» **ACTION ITEM**:
The word "Prop" marks the lines you need; copy each of them from the data.

(Records contained in a dataset)

──────────────────────────────

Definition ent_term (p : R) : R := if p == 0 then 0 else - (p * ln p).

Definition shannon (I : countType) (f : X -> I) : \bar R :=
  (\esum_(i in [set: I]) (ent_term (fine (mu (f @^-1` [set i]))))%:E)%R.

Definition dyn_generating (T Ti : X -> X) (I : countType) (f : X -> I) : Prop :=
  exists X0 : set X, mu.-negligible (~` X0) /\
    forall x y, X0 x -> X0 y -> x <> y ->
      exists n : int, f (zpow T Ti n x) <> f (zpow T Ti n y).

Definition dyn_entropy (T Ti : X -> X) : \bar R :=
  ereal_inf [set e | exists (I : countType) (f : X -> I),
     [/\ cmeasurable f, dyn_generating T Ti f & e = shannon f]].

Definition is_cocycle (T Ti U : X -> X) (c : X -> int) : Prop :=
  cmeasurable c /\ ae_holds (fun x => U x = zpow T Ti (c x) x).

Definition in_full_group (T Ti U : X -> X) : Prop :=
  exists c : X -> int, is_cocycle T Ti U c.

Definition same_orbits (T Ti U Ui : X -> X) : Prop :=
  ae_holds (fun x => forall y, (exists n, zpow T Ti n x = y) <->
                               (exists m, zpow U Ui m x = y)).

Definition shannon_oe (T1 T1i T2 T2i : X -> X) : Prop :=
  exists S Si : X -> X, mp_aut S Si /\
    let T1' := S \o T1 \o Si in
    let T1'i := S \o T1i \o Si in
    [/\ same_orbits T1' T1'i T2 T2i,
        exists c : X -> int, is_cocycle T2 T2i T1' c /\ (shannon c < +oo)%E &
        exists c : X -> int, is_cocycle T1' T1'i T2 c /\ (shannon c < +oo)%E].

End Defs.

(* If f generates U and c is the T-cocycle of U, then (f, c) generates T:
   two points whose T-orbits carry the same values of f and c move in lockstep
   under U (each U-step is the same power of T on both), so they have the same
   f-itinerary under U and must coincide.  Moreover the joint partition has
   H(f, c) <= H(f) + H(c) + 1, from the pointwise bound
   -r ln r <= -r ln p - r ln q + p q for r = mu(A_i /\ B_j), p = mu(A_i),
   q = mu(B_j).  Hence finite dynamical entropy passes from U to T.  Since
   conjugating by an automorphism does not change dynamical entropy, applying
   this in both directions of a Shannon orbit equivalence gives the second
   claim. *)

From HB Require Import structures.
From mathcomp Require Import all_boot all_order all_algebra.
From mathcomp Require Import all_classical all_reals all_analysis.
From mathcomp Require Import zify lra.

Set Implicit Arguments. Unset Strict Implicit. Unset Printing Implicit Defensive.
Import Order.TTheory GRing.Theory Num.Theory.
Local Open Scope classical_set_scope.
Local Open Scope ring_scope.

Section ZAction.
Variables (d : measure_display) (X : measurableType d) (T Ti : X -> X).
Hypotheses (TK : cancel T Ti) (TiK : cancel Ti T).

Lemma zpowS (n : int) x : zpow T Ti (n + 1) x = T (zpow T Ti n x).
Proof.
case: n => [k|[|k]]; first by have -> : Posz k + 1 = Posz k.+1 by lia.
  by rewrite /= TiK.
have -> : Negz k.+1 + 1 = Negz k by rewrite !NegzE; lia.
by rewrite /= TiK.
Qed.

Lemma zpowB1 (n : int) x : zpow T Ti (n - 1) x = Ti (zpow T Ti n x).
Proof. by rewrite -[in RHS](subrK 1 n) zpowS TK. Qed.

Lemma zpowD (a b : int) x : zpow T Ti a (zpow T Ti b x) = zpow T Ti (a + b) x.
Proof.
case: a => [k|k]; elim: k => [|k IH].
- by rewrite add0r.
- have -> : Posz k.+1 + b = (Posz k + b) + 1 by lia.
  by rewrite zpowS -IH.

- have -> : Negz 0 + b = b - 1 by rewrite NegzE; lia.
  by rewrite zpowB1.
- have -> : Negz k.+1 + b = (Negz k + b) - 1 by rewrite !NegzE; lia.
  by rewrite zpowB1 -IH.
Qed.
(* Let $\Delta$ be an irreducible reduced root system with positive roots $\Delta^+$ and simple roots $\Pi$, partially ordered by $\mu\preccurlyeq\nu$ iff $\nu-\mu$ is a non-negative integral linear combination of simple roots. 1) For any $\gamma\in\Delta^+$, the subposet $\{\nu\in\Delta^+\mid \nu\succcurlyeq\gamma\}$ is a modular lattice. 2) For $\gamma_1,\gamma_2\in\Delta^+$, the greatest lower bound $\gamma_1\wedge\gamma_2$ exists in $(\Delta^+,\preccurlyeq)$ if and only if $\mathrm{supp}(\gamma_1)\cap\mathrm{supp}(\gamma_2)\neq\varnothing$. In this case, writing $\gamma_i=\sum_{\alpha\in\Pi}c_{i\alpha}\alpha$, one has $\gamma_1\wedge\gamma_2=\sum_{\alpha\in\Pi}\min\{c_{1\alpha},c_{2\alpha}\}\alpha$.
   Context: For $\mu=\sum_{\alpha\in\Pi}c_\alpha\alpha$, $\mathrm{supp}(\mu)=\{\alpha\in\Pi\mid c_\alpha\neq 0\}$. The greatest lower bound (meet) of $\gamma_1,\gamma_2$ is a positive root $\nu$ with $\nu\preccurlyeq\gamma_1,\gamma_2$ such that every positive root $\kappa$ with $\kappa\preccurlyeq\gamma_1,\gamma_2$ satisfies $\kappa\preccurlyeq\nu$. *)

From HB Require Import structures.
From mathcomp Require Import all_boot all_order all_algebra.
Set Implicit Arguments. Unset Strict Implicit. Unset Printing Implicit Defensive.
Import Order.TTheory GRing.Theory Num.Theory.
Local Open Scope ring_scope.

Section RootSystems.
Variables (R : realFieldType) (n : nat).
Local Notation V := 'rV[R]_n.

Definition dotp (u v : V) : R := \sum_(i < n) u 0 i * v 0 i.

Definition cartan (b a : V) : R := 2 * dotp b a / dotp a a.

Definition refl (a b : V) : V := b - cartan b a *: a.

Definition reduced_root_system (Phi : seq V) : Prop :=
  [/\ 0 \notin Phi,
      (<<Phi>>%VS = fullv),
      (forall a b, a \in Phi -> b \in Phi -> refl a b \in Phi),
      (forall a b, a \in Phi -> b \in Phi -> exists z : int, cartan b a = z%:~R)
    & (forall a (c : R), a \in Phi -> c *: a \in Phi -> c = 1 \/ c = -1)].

──────────────────────────────

» **OUTPUT FOR THIS TASK**:
Definition dyn_generating (T Ti : X -> X) (I : countType) (f : X -> I) : Prop :=
Definition is_cocycle (T Ti U : X -> X) (c : X -> int) : Prop :=
Definition in_full_group (T Ti U : X -> X) : Prop :=
Definition same_orbits (T Ti U Ui : X -> X) : Prop :=
Definition shannon_oe (T1 T1i T2 T2i : X -> X) : Prop :=
Definition reduced_root_system (Phi : seq V) : Prop :=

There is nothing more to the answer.